Task requirements: Where the records below show the word "Defs" in a line, please copy that line.

[Collected data entries]
(* Let $D$ be a strongly connected orientation of a subgraph of $G$, and let $\mathcal S_D$ be the set of strongly connected orientations $D'$ of $G^\circ$ ($G$ with its bridges deleted) with $D\subseteq D'$. For $D'\in\mathcal S_D$ let $v^{D'}$ be the unique point of $H$ with $2\langle v^{D'},x^C\rangle=q(x^C)$ for all circuits $C\subseteq D'$. Then $F=\mathrm{conv}\{v^{D'}: D'\in\mathcal S_D\}$ is a face of $V_O$, and $\phi(F)=D$, where $\phi(F)=\bigcup\{\mathrm{supp}(\lambda): \lambda\in\Xi_1,\ F\subseteq H_\lambda\}$. In particular the map $\phi$ from faces of $V_O$ to strongly connected orientations of subgraphs of $G$ is surjective.
   Context: $G=(V,E)$ is a finite connected graph, possibly with parallel edges and loops; $\mathbb E$ is the set of oriented edges ($e$ and its reverse $\bar e$). Real $1$-chains $x:\mathbb E\to\mathbb R$ satisfy $x_{\bar e}=-x_e$; $\langle x,y\rangle=\sum_{e\in E}x_ey_e$, $q(x)=\langle x,x\rangle$. A flow satisfies $\sum_{e\text{ with tail }v}x_e=0$ at every vertex $v$; $H$ is the space of real flows and $\Lambda$ the lattice of integer flows. $V_O=\{x\in H: q(x)\le q(x-\mu)\ \forall\mu\in\Lambda\}$. For a flow $x$, $\mathrm{supp}(x)=\{e\in\mathbb E: x_e>0\}$. A circuit is an orientation of a cycle as a directed cycle; $x^C_e=1$ if $e\in C$, $-1$ if $\bar e\in C$, $0$ otherwise. $\Xi_1=\{x^C: C\text{ a circuit}\}$; for $\lambda\in\Xi_1$, $H_\lambda=\{x\in H: 2\langle x,\lambda\rangle=q(\lambda)\}$. An orientation of a subgraph (a set of oriented edges containing exactly one of $e,\bar e$ for each edge of the subgraph) is strongly connected if on each connected component any two vertices are joined by directed paths in both directions. *)

From HB Require Import structures.
From mathcomp Require Import all_boot all_order all_algebra.
Set Implicit Arguments. Unset Strict Implicit. Unset Printing Implicit Defensive.
Import Order.TTheory GRing.Theory Num.Theory.
Local Open Scope ring_scope.

(* A finite graph (parallel edges, loops allowed): vertices V, edges E, each
   edge e has a reference orientation from [t e] to [h e].  The oriented edges
   are E * bool: (e,true) = e, (e,false) = reverse of e. *)

Section Graph.
Variables (V E : finType) (t h : E -> V).

Definition otail (o : E * bool) : V := if o.2 then t o.1 else h o.1.
Definition ohead (o : E * bool) : V := if o.2 then h o.1 else t o.1.

Definition adjG : rel V := fun u v =>
  [exists e, ((t e == u) && (h e == v)) || ((t e == v) && (h e == u))].
Definition adjG_minus (e0 : E) : rel V := fun u v =>
  [exists e, (e != e0) && (((t e == u) && (h e == v)) || ((t e == v) && (h e == u)))].

Definition graph_connected : Prop := forall u v, connect adjG u v.

Definition bridge (e : E) : bool := ~~ connect (adjG_minus e) (t e) (h e).

(* a set of oriented edges containing at most one of e, \bar e for each e:
   an orientation of the subgraph formed by the underlying edges *)
Definition is_orientation (D : {set E * bool}) : Prop :=
  forall e, ~~ (((e, true) \in D) && ((e, false) \in D)).

Definition dirrel (D : {set E * bool}) : rel V := fun u v =>
  [exists o in D, (otail o == u) && (ohead o == v)].
Definition undrel (D : {set E * bool}) : rel V := fun u v =>
  dirrel D u v || dirrel D v u.

Definition strongly_connected (D : {set E * bool}) : Prop :=
  is_orientation D /\ forall u v, connect (undrel D) u v -> connect (dirrel D) u v.

Definition orientation_of_Gcirc (D : {set E * bool}) : Prop :=
  is_orientation D /\ forall e, (((e, true) \in D) || ((e, false) \in D)) = ~~ bridge e.

(* circuits: orientations of cycles as directed cycles *)
Definition is_circuit (C : {set E * bool}) : Prop :=
  exists s : seq (E * bool),
    [/\ s != [::], uniq (map fst s), uniq (map otail s),
        cycle (fun o1 o2 => ohead o1 == otail o2) s & C = [set o in s]].

Variable R : realFieldType.

(* real 1-chains, given by their values on the reference orientations *)
Definition oval (x : {ffun E -> R}) (o : E * bool) : R :=
  if o.2 then x o.1 else - x o.1.

Definition dot (x y : {ffun E -> R}) : R := \sum_e x e * y e.
Definition q (x : {ffun E -> R}) : R := dot x x.

Definition is_flow (x : {ffun E -> R}) : Prop :=
  forall v, \sum_(e | t e == v) x e - \sum_(e | h e == v) x e = 0.

Definition intc (m : {ffun E -> int}) : {ffun E -> R} := [ffun e => (m e)%:~R].
Definition subc (x y : {ffun E -> R}) : {ffun E -> R} := [ffun e => x e - y e].

Definition VO (x : {ffun E -> R}) : Prop :=
  is_flow x /\ forall m : {ffun E -> int}, is_flow (intc m) -> q x <= q (subc x (intc m)).

Definition xC (C : {set E * bool}) : {ffun E -> R} :=
  [ffun e => if (e, true) \in C then 1 else if (e, false) \in C then -1 else 0].

Definition Xi1 (lam : {ffun E -> R}) : Prop := exists C, is_circuit C /\ lam = xC C.

Definition Hlam (lam x : {ffun E -> R}) : Prop := is_flow x /\ 2 * dot x lam = q lam.

Definition phi (F : {ffun E -> R} -> Prop) (o : E * bool) : Prop :=
  exists lam, [/\ Xi1 lam, (forall x, F x -> Hlam lam x) & 0 < oval lam o].

Definition is_vD (D' : {set E * bool}) (v : {ffun E -> R}) : Prop :=
  is_flow v /\ forall C, is_circuit C -> C \subset D' -> 2 * dot v (xC C) = q (xC C).

Definition in_SD (D D' : {set E * bool}) : Prop :=
  [/\ strongly_connected D', orientation_of_Gcirc D' & D \subset D'].

Definition conv (P : {ffun E -> R} -> Prop) (x : {ffun E -> R}) : Prop :=
  exists n (p : 'I_n -> {ffun E -> R}) (w : 'I_n -> R),
    [/\ forall i, P (p i), forall i, 0 <= w i, \sum_i w i = 1
      & forall e, x e = \sum_i w i * p i e].

Definition FD (D : {set E * bool}) : {ffun E -> R} -> Prop :=
  conv (fun v => exists D', in_SD D D' /\ is_vD D' v).

Definition is_face (K F : {ffun E -> R} -> Prop) : Prop :=
  exists (a : {ffun E -> R}) (b : R),
    (forall x, K x -> dot a x <= b) /\ (forall x, F x <-> K x /\ dot a x = b).

End Graph.

(* Circuits are handled through closed walks: sequences of arcs (oriented
   edges) in which each arc starts where the previous one ends.  The proof
   has five parts.
   1. Combinatorics of walks: every arc of a strongly connected orientation D
      lies on a circuit inside D, an edge lies on a circuit iff it is not a
      bridge, and (ear extension) D extends to a strongly connected
      orientation of G°, i.e. S_D is never empty.
   2. Potentials: a cost function on a set of arcs with no negative closed
      walk admits a potential p with p(head) <= p(tail) + cost.  With cost
      1 - 2<x, arc> this gives the circuit description of the Voronoi cell:
      V_O = { flows x | 2<x,x^C> <= q(x^C) for every circuit C }.
   3. The points v^{D'}: they exist (orthogonal projection on the span of the
      circuits of D'), and for D' in S_D, x^{D'} - 2 v^{D'} is a potential
      difference, so 2<v^{D'}, f> = <x^{D'}, f> for every flow f; this gives
      uniqueness and v^{D'} in V_O.
   4. Face: summing the circuit inequalities over the circuits C ⊆ D gives a
      supporting hyperplane of V_O.  A point of V_O tight on it lies in F_D, by
      descent on the number of non-tight circuits: either the arcs of the tight
      circuits form some D' in S_D and x = v^{D'}, or x moves in both
      directions along a flow orthogonal to all tight circuits, and is a
      convex combination of two points with strictly more tight circuits.
   5. phi(F_D) = D: arcs of D lie on circuits tight on F_D; conversely a
      circuit C tight on F_D through an arc o outside D would be violated at
      v^{D'} for some D' in S_D containing the reverse of o. *)

From Pilot Require Import Defs.
From HB Require Import structures.
From mathcomp Require Import all_boot all_order all_algebra.
From mathcomp Require Import ring lra zify.
From Stdlib Require Import Classical ClassicalEpsilon.
Import Order.TTheory GRing.Theory Num.Theory.
Set Implicit Arguments. Unset Strict Implicit. Unset Printing Implicit Defensive.

Definition asbool (P : Prop) : bool :=
  if excluded_middle_informative P then true else false.

Lemma asboolP P : reflect P (asbool P).
Proof. by rewrite /asbool; case: excluded_middle_informative => H; constructor. Qed.

Section Walks.
Variables (V E : finType) (t h : E -> V).
Notation arc := (E * bool)%type.
Notation otail := (Defs.otail t h).
Notation ohead := (Defs.ohead t h).

Definition orev (o : arc) : arc := (o.1, ~~ o.2).

Lemma otail_rev o : otail (orev o) = ohead o. Proof. by case: o => e []. Qed.
Lemma ohead_rev o : ohead (orev o) = otail o. Proof. by case: o => e []. Qed.

Fixpoint walk (v : V) (s : seq arc) : bool :=
  if s is o :: s' then (otail o == v) && walk (ohead o) s' else true.
Definition wend (v : V) (s : seq arc) : V := last v (map ohead s).

Definition follows (o1 o2 : arc) : bool := ohead o1 == otail o2.
Definition closed_walk (s : seq arc) : bool :=
  [&& s != [::], cycle follows s & uniq (map otail s)].
Definition simple_walk (v : V) (s : seq arc) : bool :=
  walk v s && uniq (v :: map ohead s).

Lemma walk_cat v s1 s2 : walk v (s1 ++ s2) = walk v s1 && walk (wend v s1) s2.
Proof. by elim: s1 v => //= o s1 IH v; rewrite IH andbA. Qed.

Lemma wend_cat v s1 s2 : wend v (s1 ++ s2) = wend (wend v s1) s2.
Proof. by rewrite /wend map_cat last_cat. Qed.

Lemma walk_rcons v s o : walk v (rcons s o) = walk v s && (otail o == wend v s).
Proof. by rewrite -cats1 walk_cat /= andbT. Qed.

Lemma wend_rcons v s o : wend v (rcons s o) = ohead o.
Proof. by rewrite /wend map_rcons last_rcons. Qed.

Lemma path_walk o s : path follows o s = walk (ohead o) s.
Proof. by elim: s o => //= o1 s IH o; rewrite IH /follows eq_sym. Qed.

Lemma cycle_walk o s :
  cycle follows (o :: s) = walk (ohead o) s && (wend (ohead o) s == otail o).
Proof. by rewrite /= path_walk walk_rcons eq_sym. Qed.

Lemma otails_walk v s : walk v s -> map otail s = belast v (map ohead s).
Proof. by elim: s v => //= o s IH v /andP[/eqP -> Hw]; rewrite (IH _ Hw). Qed.

Lemma mem_walk v s o : walk v s -> o \in s ->
  (otail o \in v :: map ohead s) && (ohead o \in map ohead s).
Proof.
move=> Hw Ho; rewrite (map_f _ Ho) andbT; apply: mem_belast.
by rewrite -(otails_walk Hw) (map_f _ Ho).
Qed.

Lemma closed_walk_cons o s :
  closed_walk (o :: s) -> walk (ohead o) s /\ wend (ohead o) s = otail o.
Proof. by rewrite /closed_walk cycle_walk => /and3P[_ /andP[-> /eqP ->]]. Qed.

Lemma closed_walk_of_simple a s o :
  simple_walk a s -> wend a s = otail o -> ohead o = a -> closed_walk (o :: s).
Proof.
move=> /andP[Hw Hu] He Hh; rewrite /closed_walk cycle_walk Hh Hw He eqxx /=.
rewrite (otails_walk Hw); move: Hu; rewrite lastI /wend in He *.
by rewrite He rcons_uniq.
Qed.

Lemma ends_same (o o' : arc) : o.1 = o'.1 -> otail o \in [:: otail o'; ohead o'].
Proof. by case: o o' => e [] [e' []] /= ->; rewrite !inE eqxx ?orbT. Qed.

Lemma simple_walk_cons v o s : simple_walk v (o :: s) ->
  [/\ otail o = v, v \notin ohead o :: map ohead s & simple_walk (ohead o) s].
Proof. by rewrite /simple_walk /= => /andP[/andP[/eqP -> ->]] /andP[Hv ->]. Qed.

Lemma simple_walk_uniq_edges v s : simple_walk v s -> uniq (map fst s).
Proof.
elim: s v => //= o s IH v /simple_walk_cons [Ht Hv Hs]; rewrite (IH _ Hs) andbT.
apply/mapP => [[o' Ho' He]]; case/andP: Hs => Hw _.
have /andP[M1 M2] := mem_walk Hw Ho'.
move: (ends_same He); rewrite Ht !inE => /orP[] /eqP Hq.
  by move: M1; rewrite -Hq (negbTE Hv).
by move: Hv; rewrite Hq inE M2 orbT.
Qed.

Lemma simple_walk_no_loop v s o : simple_walk v s -> o \in s -> otail o != ohead o.
Proof.
elim: s v => // o1 s IH v /simple_walk_cons [T1 V1 S1]; rewrite inE.
case/orP => [/eqP ->|]; last exact: IH S1.
by rewrite T1; apply/eqP => Eq; rewrite Eq inE eqxx in V1.
Qed.

Lemma simple_walk_ends a s o' : simple_walk a s -> o' \in s ->
  otail o' \in [:: a; wend a s] -> ohead o' \in [:: a; wend a s] -> s = [:: o'].
Proof.
case: s => [//|o1 s] Hs; case/simple_walk_cons: (Hs) => Ht Hv Hs1.
rewrite inE => /orP[/eqP Eo|Ho'].
  subst o'; rewrite /wend /= => _; rewrite !inE => /orP[/eqP Eq|/eqP Eq].
    by rewrite Eq inE eqxx in Hv.
  case: s Hs1 Eq {Hs Hv} => //= o2 s /andP[_ /andP[Hn _]] Eq.
  by move: (mem_last (ohead o2) (map ohead s)); rewrite -Eq (negbTE Hn).
rewrite /wend /= -/(wend _ _) !inE => H1 H2.
have /andP[M1 M2] := mem_walk (proj1 (andP Hs1)) Ho'.
have Na x : x \in ohead o1 :: map ohead s -> x != a.
  by move=> Hx; apply/eqP => Eq; subst x; rewrite Hx in Hv.
have E1 : otail o' = wend (ohead o1) s.
  by case/orP: H1 => /eqP // Eq; move: (Na _ M1); rewrite Eq eqxx.
have E2 : ohead o' = wend (ohead o1) s.
  case/orP: H2 => /eqP // Eq.
  have /Na : ohead o' \in ohead o1 :: map ohead s by rewrite inE M2 orbT.
  by rewrite Eq eqxx.
by have := simple_walk_no_loop Hs1 Ho'; rewrite E1 E2 eqxx.
Qed.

Response below:
From Pilot Require Import Defs.
Notation otail := (Defs.otail t h).
Notation ohead := (Defs.ohead t h).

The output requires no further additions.